Sbagli ma non di molto.
Per tradizione antica la professione di avvocato è considerata lavoro
autonomo, ma non viene considerata attività di impresa perché l'avvocato
è sempre stato concepito (per ovvie ragioni culturali e sociali, come lo
scarso numero di persone con abbastanza danaro da permettersi
un'istruzione superiore) come uomo avveduto di cultura ampia che mette in
opera le proprie conoscenze, contribuendo all'interesse pubblico affinché
sia fatta giustizia (vd. formula di giuramento ancora prevista).

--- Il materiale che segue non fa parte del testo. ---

(* There is a computable coloring $c:\mathcal{P}_{fin}(\mathbb{N})\rightarrow\{0,1\}$ such that for every computably enumerable $\mathcal{S}\subseteq\mathcal{P}_{fin}(\mathbb{N})$ which contains infinitely many pairwise disjoint elements, $c$ is not constant on $NU(\mathcal{S})$.
   Context: $\mathcal{P}_{fin}(\mathbb{N})$ is the set of finite subsets of $\mathbb{N}$, identified with $\mathbb{N}$ via a fixed computable bijection (e.g. a finite set corresponds to the number whose binary expansion has 1s exactly at its elements); computability and computable enumerability of subsets of and functions on $\mathcal{P}_{fin}(\mathbb{N})$ are with respect to this identification. For $\mathcal{S}\subseteq\mathcal{P}_{fin}(\mathbb{N})$, $NU(\mathcal{S})$ denotes the set of non-empty sets which are unions of finitely many elements of $\mathcal{S}$. *)

(* Computability is formalised via Kleene's partial recursive
   functions (mu-recursive codes with a big-step evaluation relation). *)
From Stdlib Require Import Arith List.
Import ListNotations.

Inductive code : Type :=
| Zero : code
| Succ : code
| Proj : nat -> code
| Comp : code -> list code -> code
| Prec : code -> code -> code
| Mu   : code -> code.

Inductive eval : code -> list nat -> nat -> Prop :=
| eZero v : eval Zero v 0
| eSucc v : eval Succ v (S (hd 0 v))
| eProj i v : eval (Proj i) v (nth i v 0)
| eComp f gs v ws y : evals gs v ws -> eval f ws y -> eval (Comp f gs) v y
| ePrec0 f g v y : eval f v y -> eval (Prec f g) (0 :: v) y
| ePrecS f g n v r y :
    eval (Prec f g) (n :: v) r -> eval g (n :: r :: v) y ->
    eval (Prec f g) (S n :: v) y
| eMu f v n :
    eval f (n :: v) 0 ->
    (forall m, m < n -> exists k, eval f (m :: v) (S k)) ->
    eval (Mu f) v n
with evals : list code -> list nat -> list nat -> Prop :=
| esNil v : evals [] v []
| esCons g gs v y ys : eval g v y -> evals gs v ys -> evals (g :: gs) v (y :: ys).

(** Finite subsets of N are identified with naturals via binary expansion:
    the set coded by [a] is { k | Nat.testbit a k = true }. *)
Definition fin_mem (k a : nat) : Prop := Nat.testbit a k = true.

Definition fin_disjoint (a b : nat) : Prop := forall k, ~ (fin_mem k a /\ fin_mem k b).

(** Union of finite sets = bitwise or of codes; empty set = 0. *)
Definition fin_union_list (l : list nat) : nat := fold_right Nat.lor 0 l.

Definition computable_coloring (c : nat -> bool) : Prop :=
  exists e : code, forall n, eval e [n] (if c n then 1 else 0).

Definition c_e (S : nat -> Prop) : Prop :=
  exists e : code, forall n, S n <-> exists y, eval e [n] y.

Definition inf_pairwise_disjoint (S : nat -> Prop) : Prop :=
  exists f : nat -> nat,
    (forall i, S (f i)) /\
    (forall i j, i <> j -> f i <> f j) /\
    (forall i j, i <> j -> fin_disjoint (f i) (f j)).

Definition NU (S : nat -> Prop) (a : nat) : Prop :=
  a <> 0 /\ exists l : list nat, (forall x, In x l -> S x) /\ a = fin_union_list l.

Ciò implica il suo dovere di indipendenza e di autonomia nei confronti
persino del cliente, l'ormai abrogato divieto dell'esercizio della
professione in forma societaria ed il divieto di esercizio di qualunque
attività di natura commerciale.
Adesso, che si confonde il senso del decoro e della dignità personale con
la quantità di denaro che si riesce a raschiare prostituendo il prossimo,
ci si sta avvicinando ad una prospettiva di tipo anglosassone dove
l'avvocato esercita un'attività di impresa, senza distinguere le persone
oneste da cialtroni e truffatori.
> Ora nel caso dell'avvocato manca l'organizzazione, ovvero la struttura
> tipica dell'impresa. Nella maggior parte dei casi l'avvocato è solo,
> senza segretaria, praticanti...
Questo in alcuni casi è vero in altri è falso perché molti avvocati sono
titolari o fanno parte di studi organizzati, pagano l'IRAP, ecc.